+++ RECORDS TO PROCESS +++
(* Let p = s1 + t1.  From every vertex x the digraph of A = T_n<S;T> has a
   "ladder" arc, up by s1 or down by t1, and both lower x by t1 modulo p.  So
   two walkers u, v taking ladder steps together keep the residue of u - v
   modulo p, and once u - v is a multiple of p they meet after (u - v)/p
   steps.  Within R + 1 steps, R = max(ceil(tk/s1), ceil(sk/t1)), one walker
   can use an arc by s in S (resp. t in T) instead, which adds s + t1 (resp.
   t + s1) to that residue.  These shifts generate the multiples of d in Z/p,
   and a shortest chain of shifts visits distinct multiples of d below n, so it
   has at most ceil(n/d) - 1 steps.  Since every walk of length k from x ends
   at a point congruent to x - k t1 modulo d, A^k (A^T)^k is exactly the
   congruence modulo d once k >= (ceil(n/d) - 1)(R + 2), and from then on it
   is constant. *)

Lemma bpow0 n (A : bmat n) x y : bpow A 0 x y = (x == y). Proof. by []. Qed.

Lemma bpowS n (A : bmat n) k x y :
  bpow A k.+1 x y = [exists z, A x z && bpow A k z y].
Proof. by []. Qed.

Section BoolMatrixPowers.
Variables (n : nat) (A : bmat n).

Lemma bpow1 x y : bpow A 1 x y = A x y.
Proof.
apply/existsP/idP => [[z /andP[Axz /eqP <-]] // | Axy].
by exists y; rewrite Axy; apply: eqxx.
Qed.
(* Let $G$ be a finite group. The graph $\mathcal{P}^*(G)/\mathtt{T}$ is a tame quotient of $\mathcal{P}^*(G)$ if and only if, for all $x,y\in G\setminus\{1\}$, $x\mathtt{T}y$ implies $x\mathtt{N}y$.
   Context: The power graph $\mathcal{P}(G)$ has vertex set $G$, distinct $x,y$ adjacent iff one is a positive integer power of the other; $\mathcal{P}^*(G)$ is its subgraph induced on $G\setminus\{1\}$. $x\mathtt{N}y$ (closed twins) iff $x,y$ have the same closed neighbourhood; $x\mathtt{O}y$ (open twins) iff they have the same open neighbourhood; $x\mathtt{T}y$ (twins) iff $x\mathtt{N}y$ or $x\mathtt{O}y$ (an equivalence relation). For a graph $\Gamma$ and equivalence $\sim$ on its vertices, $\Gamma/\sim$ has vertex set the classes, classes joined iff some representatives are joined; the quotient is tame if $[x]=[y]$ implies $x$ and $y$ are joined by a path in $\Gamma$. *)

From mathcomp Require Import all_boot all_fingroup.
Set Implicit Arguments. Unset Strict Implicit. Unset Printing Implicit Defensive.
Local Open Scope group_scope.

Section Graphs.
Variables (T : Type) (V : T -> Prop) (adj : T -> T -> Prop).

Definition open_twins (x y : T) : Prop :=
  forall z, V z -> (adj x z <-> adj y z).

Definition closed_twins (x y : T) : Prop :=
  forall z, V z -> ((z = x \/ adj x z) <-> (z = y \/ adj y z)).

(* the twin relation T = N ∪ O *)
Definition twins (x y : T) : Prop := closed_twins x y \/ open_twins x y.

Inductive walk : T -> T -> Prop :=
  | walk_nil x : V x -> walk x x
  | walk_cons x y z : adj x y -> walk y z -> walk x z.

Definition joined (x y : T) : Prop := V x /\ walk x y.

Definition tame_quotient (equiv : T -> T -> Prop) : Prop :=
  forall x y, V x -> V y -> equiv x y -> joined x y.
End Graphs.

(** The power graph P(G) with G = the whole finite group gT, and P*(G). *)
Section PowerGraph.
Variable gT : finGroupType.

Definition power_adj (x y : gT) : Prop :=
  x <> y /\ ((exists n : nat, (0 < n)%N /\ y = x ^+ n) \/
             (exists n : nat, (0 < n)%N /\ x = y ^+ n)).

Definition pstar_vertex (x : gT) : Prop := x <> 1.

Definition pstar_adj (x y : gT) : Prop :=
  pstar_vertex x /\ pstar_vertex y /\ power_adj x y.
End PowerGraph.

(* Distinct open twins x, y of P*(G) are isolated vertices, so a tame quotient
   can only identify closed twins.  Indeed x, y are not adjacent, so neither is
   a power of the other; if x^-1 <> x then x^-1 would be a neighbour of x, hence
   of y, making one of x, y a power of the other.  So x and y are involutions,
   and a common neighbour w would have both as powers; but the cyclic group
   <w> has a unique involution.  Conversely closed twins are equal or adjacent. *)
From mathcomp Require Import all_boot all_fingroup cyclic.
Set Implicit Arguments. Unset Strict Implicit. Unset Printing Implicit Defensive.
Local Open Scope group_scope.

Section Graphs.
Variables (T : Type) (V : T -> Prop) (adj : T -> T -> Prop).

Lemma open_twins_sym (x y : T) : open_twins V adj x y -> open_twins V adj y x.
Proof. by move=> Oxy z Vz; apply: iff_sym; apply: Oxy. Qed.

Lemma open_twins_nonadj (x y : T) :
  (forall z, ~ adj z z) -> V y -> open_twins V adj x y -> ~ adj x y.
Proof. by move=> irr Vy Oxy /(Oxy y Vy); apply: irr. Qed.

Lemma walk_first_edge (x y : T) : walk V adj x y -> x <> y -> exists w, adj x w.
Proof. by case=> [z _ //|u w z Auw _ _]; exists w. Qed.

Lemma closed_twins_joined (x y : T) :
  V x -> V y -> closed_twins V adj x y -> joined V adj x y.
Proof.
move=> Vx Vy Cxy; split=> //.
have [<-|Axy] := proj2 (Cxy y Vy) (or_introl erefl); first exact: walk_nil.
exact: walk_cons Axy (walk_nil _ Vy).
Qed.

End Graphs.

Section PowerGraph.
Variable gT : finGroupType.
Implicit Types w x y : gT.

Lemma pos_expgP x y :
  y <> 1 -> (exists n, (0 < n)%N /\ y = x ^+ n) <-> y \in <[x]>.
Proof.
move=> y1; split=> [[n [_ ->]]|/cycleP[[|n] yE]]; first exact: mem_cycle.
  by rewrite yE expg0 in y1.
by exists n.+1.
Qed.

Lemma pstar_adjE x y :
  pstar_adj x y <-> [/\ x <> 1, y <> 1, x <> y & y \in <[x]> \/ x \in <[y]>].
Proof.
rewrite /pstar_adj /power_adj /pstar_vertex.
split=> [[x1 [y1 [nxy Pxy]]]|[x1 y1 nxy Pxy]]; [split=> // | do 3!split=> //];
  have := pos_expgP x y1; have := pos_expgP y x1; tauto.
Qed.

Lemma pstar_adj_irrefl x : ~ pstar_adj x x.
Proof. by case/pstar_adjE. Qed.

Lemma invg_id_order2 x : x <> 1 -> x^-1 = x -> #[x] = 2.
Proof.
move=> x1 xVx; apply/prime_nt_dvdP; rewrite ?order_eq1; try exact/eqP.
by rewrite order_dvdn expgS expg1 -{1}xVx mulVg.
Qed.

Lemma eq_order2_cycle w x y :
  x \in <[w]> -> y \in <[w]> -> #[x] = 2 -> #[y] = 2 -> x = y.
Proof.
move=> xw yw ox oy.
have /eqP exy : <[x]> == <[y]>.
  by rewrite (eq_subG_cyclic (cycle_cyclic w)) ?cycle_subG // -!orderE ox oy.
have : x \in <[y]> by rewrite -exy cycle_id.
rewrite cycle2g // !inE => /orP[/eqP x1|/eqP //].
by move: ox; rewrite x1 order1.
Qed.

Lemma order2_pstar_adj x w : #[x] = 2 -> pstar_adj x w -> x \in <[w]>.
Proof.
move=> ox /pstar_adjE[_ w1 nxw [|//]].
by rewrite cycle2g // !inE => /orP[] /eqP // /esym.
Qed.

Let open_twins_pstar := open_twins (@pstar_vertex gT) (@pstar_adj gT).

Lemma open_twins_notin_cycle x y :
  x <> 1 -> y <> 1 -> x <> y -> open_twins_pstar x y -> y \notin <[x]>.
Proof.
move=> x1 y1 nxy Oxy; apply/negP => yx.
apply: (open_twins_nonadj (@pstar_adj_irrefl) y1 Oxy).
by apply/pstar_adjE; split=> //; left.
Qed.

Lemma open_twins_order2 x y :
  x <> 1 -> y <> 1 -> x <> y -> open_twins_pstar x y -> #[x] = 2.
Proof.
move=> x1 y1 nxy Oxy; apply: invg_id_order2 => //.
apply/eqP/negPn/negP => /eqP nxVx.
have xV1 : x^-1 <> 1 by move/eqP; rewrite invg_eq1 => /eqP.
have /(Oxy _ xV1) /pstar_adjE[_ _ _ []] : pstar_adj x x^-1.
  apply/pstar_adjE; split=> //; first exact: nesym nxVx.
  by left; rewrite groupV cycle_id.
- rewrite groupV; apply/negP.
  exact: open_twins_notin_cycle y1 x1 (nesym nxy) (open_twins_sym Oxy).
- by rewrite cycleV; apply/negP; apply: open_twins_notin_cycle Oxy.
Qed.

Lemma open_twins_pstar_isolated x y w :
  x <> 1 -> y <> 1 -> x <> y -> open_twins_pstar x y -> ~ pstar_adj x w.
Proof.
move=> x1 y1 nxy Oxy Axw.
have Oyx := open_twins_sym Oxy.
have ox := open_twins_order2 x1 y1 nxy Oxy.
have oy := open_twins_order2 y1 x1 (nesym nxy) Oyx.
have w1 : w <> 1 by case/pstar_adjE: Axw.
have Ayw : pstar_adj y w by apply/(Oxy w w1).
have exy := eq_order2_cycle (order2_pstar_adj ox Axw) (order2_pstar_adj oy Ayw)
  ox oy.
by move: (open_twins_notin_cycle x1 y1 nxy Oxy); rewrite -exy cycle_id.
Qed.

End PowerGraph.

Theorem mainTheorem20 (gT : finGroupType) :
  tame_quotient (@pstar_vertex gT) (@pstar_adj gT)
    (twins (@pstar_vertex gT) (@pstar_adj gT))
  <->
  (forall x y : gT, x <> 1 -> y <> 1 ->
     twins (@pstar_vertex gT) (@pstar_adj gT) x y ->
     closed_twins (@pstar_vertex gT) (@pstar_adj gT) x y).
Proof.
split=> [tame x y x1 y1 [//|Oxy] | closed x y x1 y1 Txy].
- have [<- | /eqP nxy] := eqVneq x y; first by move=> z _; split.
  have [w Axw] := walk_first_edge (proj2 (tame x y x1 y1 (or_intror Oxy))) nxy.
  by case: (open_twins_pstar_isolated x1 y1 nxy Oxy Axw).
- exact: closed_twins_joined x1 y1 (closed x y x1 y1 Txy).
Qed.
(* Consider the P-SSD algorithm described in the context, executed over a constant (time-invariant) digraph $G$, and let $C_{\mathrm{SSD}}=\mathrm{SSD}(D(X),D(Y))$. Let $i$ be a globally reachable node of $G$ and define $l=\max_{j\in\{1,\dots,M\}}\mathrm{dist}(j,i)$. Then $\mathcal{R}(C_k^i)=\mathcal{R}(C_{\mathrm{SSD}})$ for all $k\ge l+1$.
   Context: Data setting: a map $T:\mathcal{M}\to\mathcal{M}$, $\mathcal{M}\subseteq\mathbb{R}^n$; a dictionary $D(x)=[d_1(x),\dots,d_{N_d}(x)]$ of real-valued functions on $\mathcal{M}$; data matrices $X,Y\in\mathbb{R}^{N\times n}$ whose $i$-th rows $x_i^T,y_i^T$ satisfy $y_i=T(x_i)$; $D(X)\in\mathbb{R}^{N\times N_d}$ is the matrix with rows $D(x_1),\dots,D(x_N)$ (similarly $D(Y)$). Assumption: $D(X)$ and $D(Y)$ have full column rank. There are $M$ agents; agent $i$ holds local dictionary snapshots $D(X_i),D(Y_i)$ (obtained from a subset of the snapshot pairs) such that the union over $i$ of the rows of $[D(X_i),D(Y_i)]$ equals the set of rows of $[D(X),D(Y)]$. There are signature matrices $D(X_s),D(Y_s)$ with full column rank such that the rows of $[D(X_s),D(Y_s)]$ are contained in the rows of $[D(X_i),D(Y_i)]$ for every $i$. SSD algorithm: given $A,B\in\mathbb{R}^{m\times q}$, set $A_1=A$, $B_1=B$, $C=I_q$, and iterate: let $[Z^A_j;Z^B_j]$ be a matrix whose columns form a basis of the null space of $[A_j,B_j]$ (with $Z^A_j$ having as many rows as $A_j$ has columns); if the null space is trivial return $0$; if the number of rows of $Z^A_j$ is at most its number of columns, return $C$; otherwise set $C\leftarrow CZ^A_j$, $A_{j+1}=A_jZ^A_j$, $B_{j+1}=B_jZ^A_j$. Its output is denoted $\mathrm{SSD}(A,B)$. P-SSD algorithm: at iteration $k\ge1$ the digraph $G_k$ is used; an edge $(j,i)\in E_k$ means $j$ is an in-neighbor of $i$, and $\mathcal{N}_{\mathrm{in}}^k(i)$ denotes the in-neighbors of $i$ in $G_k$. Each agent $i$ sets $C_0^i=I_{N_d}$, $\mathrm{flag}_0^i=0$, and for $k=1,2,\dots$: receives $C_{k-1}^j$ for $j\in\mathcal{N}_{\mathrm{in}}^k(i)$; sets $D_k^i=\mathrm{basis}\big(\bigcap_{j\in\{i\}\cup\mathcal{N}_{\mathrm{in}}^k(i)}\mathcal{R}(C_{k-1}^j)\big)$; sets $E_k^i=\mathrm{SSD}(D(X_i)D_k^i,D(Y_i)D_k^i)$; if the number of columns of $D_k^iE_k^i$ is strictly less than that of $C_{k-1}^i$, sets $C_k^i=D_k^iE_k^i$ and $\mathrm{flag}_k^i=0$; otherwise sets $C_k^i=C_{k-1}^i$ and $\mathrm{flag}_k^i=1$; then transmits $C_k^i$ to its out-neighbors. Here $\mathrm{basis}(\mathcal{A})$ returns a matrix whose columns form a basis of the subspace $\mathcal{A}$, and returns $0$ if $\mathcal{A}=\{0\}$; the matrix $0$ is regarded as having $0$ columns. $\mathcal{R}(\cdot)$ denotes range space. A node is globally reachable if there is a directed path from every other node to it; $\mathrm{dist}(j,i)$ is the length of a shortest directed path from $j$ to $i$ (with $\mathrm{dist}(i,i)=0$). *)

From HB Require Import structures.
From mathcomp Require Import all_boot all_order all_algebra.
Set Implicit Arguments.
Unset Strict Implicit.
Unset Printing Implicit Defensive.
Import GRing.Theory Num.Theory.
Local Open Scope ring_scope.

Definition mxc (R : fieldType) (m : nat) := {c : nat & 'M[R]_(m, c)}.

(* Range space: R(A) is the column space of A, i.e. the row space of A^T.
   R(A) = R(B)  is  (A^T == B^T)%MS. *)

(* The columns of Z form a basis of the subspace whose elements are the
   (transposed) rows of the row space of S (MathComp's representation of a
   subspace of R^m by a matrix with m columns).  A matrix with 0 columns is
   the (unique) basis of the zero subspace, which matches the convention
   basis({0}) = 0 with 0 columns. *)
Definition is_basis_of (R : fieldType) (m c p : nat)
  (Z : 'M[R]_(m, c)) (S : 'M[R]_(p, m)) : bool :=
  row_free Z^T && (Z^T == S)%MS.
(* Let $A,C$ be integers with $AC\neq0$ and let $f(X)=AX+\frac{C}{X}$. Suppose there exists a nonzero rational number $T$ such that the elliptic curve \[E_2:\ Y^2=(X-2ACT^2)(X+2ACT^2)\bigl(X-2AC(2A^2T^4+(4AC-1)T^2+2C^2)\bigr)\] has positive rank over $\mathbb{Q}$. Then the equation $f(x)f(y)=f(z)$ has infinitely many nontrivial rational solutions $(x,y,z)$.
   Context: A solution $(x,y,z)$ (with $x,y,z$ nonzero, so that $f$ is defined) of $f(x)f(y)=f(z)$ is called nontrivial if $x\neq z$, $y\neq z$ and $f(z)\neq 0$. *)

From HB Require Import structures.
From mathcomp Require Import all_boot all_order all_algebra.
Set Implicit Arguments. Unset Strict Implicit. Unset Printing Implicit Defensive.
Import Order.TTheory GRing.Theory Num.Theory.
Local Open Scope ring_scope.

Definition fAC (A C : int) (x : rat) : rat := A%:~R * x + C%:~R / x.

Definition nontrivial_sol (A C : int) (t : rat * rat * rat) : Prop :=
  let: (x, y, z) := t in
  [/\ x != 0, y != 0 & z != 0] /\
  fAC A C x * fAC A C y = fAC A C z /\
  [/\ x != z, y != z & fAC A C z != 0].

(* Elliptic curve in Weierstrass form y^2 = x^3 + a x^2 + b x + c over Q.
   Points: None = point at infinity O, Some (x, y) = affine point. *)
Definition ec_point := option (rat * rat).

Definition on_curve (a b c : rat) (P : ec_point) : bool :=
  match P with
  | None => true
  | Some (x, y) => y ^+ 2 == x ^+ 3 + a * x ^+ 2 + b * x + c
  end.

Definition ec_add (a b c : rat) (P Q : ec_point) : ec_point :=
  match P, Q with
  | None, _ => Q
  | _, None => P
  | Some (x1, y1), Some (x2, y2) =>
    if (x1 == x2) && (y1 == - y2) then None
    else
      let l := if x1 == x2 then (3 * x1 ^+ 2 + 2 * a * x1 + b) / (2 * y1)
               else (y2 - y1) / (x2 - x1) in
      let x3 := l ^+ 2 - a - x1 - x2 in
      Some (x3, - (l * (x3 - x1) + y1))
  end.

Definition ec_mul (a b c : rat) (n : nat) (P : ec_point) : ec_point :=
  iter n (ec_add a b c P) None.

(* E(Q) has positive rank iff it contains a rational point of infinite order *)
Definition positive_rank (a b c : rat) : Prop :=
  exists P : ec_point, on_curve a b c P /\ forall n : nat, (0 < n)%N -> ec_mul a b c n P != None.

(* the curve Y^2 = (X - e1)(X - e2)(X - e3), expanded *)
Definition positive_rank_roots (e1 e2 e3 : rat) : Prop :=
  positive_rank (- (e1 + e2 + e3)) (e1 * e2 + e1 * e3 + e2 * e3) (- (e1 * e2 * e3)).

(* Write u = f(T) and D = 4AC. Since f((k + w) / (2A)) = k whenever k^2 - w^2 = D, a rational
   point (X, Y) with Y <> 0 of the curve Y^2 = X (X - D) (X - D u^2) yields y, z with f(z) = s
   and f(y) = s / u, where s = (X^2 - D^2 u^2) / (2Y); hence f(T) f(y) = f(z). After
   X |-> (X + 2ACT^2) / T^2 this curve is E_2, which is nonsingular when u is not 0 or +-1,
   so the multiples of a point of infinite order have infinitely many abscissae, and some of
   them avoid the roots of a polynomial vanishing whenever the solution is trivial or known.
   For u = +-1 the identities f(-x) = -f(x) and f(C / (Ax)) = f(x) give solutions directly,
   and for u = 0, where -AC is a square, so do the rational points (X, Y) of the circle
   X^2 + Y^2 = 1 - AC, through (X/A, Y/A, XY/A). *)

From HB Require Import structures.
From mathcomp Require Import all_boot all_order all_algebra.
From mathcomp Require Import ring lra.
Import Order.TTheory GRing.Theory Num.Theory.
Local Open Scope ring_scope.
+++
PROBLEM DESCRIPTION
Collect every line above that contains the word "nonzero".

EXERCISE SOLUTION
(* Let $A,C$ be integers with $AC\neq0$ and let $f(X)=AX+\frac{C}{X}$. Suppose there exists a nonzero rational number $T$ such that the elliptic curve \[E_2:\ Y^2=(X-2ACT^2)(X+2ACT^2)\bigl(X-2AC(2A^2T^4+(4AC-1)T^2+2C^2)\bigr)\] has positive rank over $\mathbb{Q}$. Then the equation $f(x)f(y)=f(z)$ has infinitely many nontrivial rational solutions $(x,y,z)$.
   Context: A solution $(x,y,z)$ (with $x,y,z$ nonzero, so that $f$ is defined) of $f(x)f(y)=f(z)$ is called nontrivial if $x\neq z$, $y\neq z$ and $f(z)\neq 0$. *)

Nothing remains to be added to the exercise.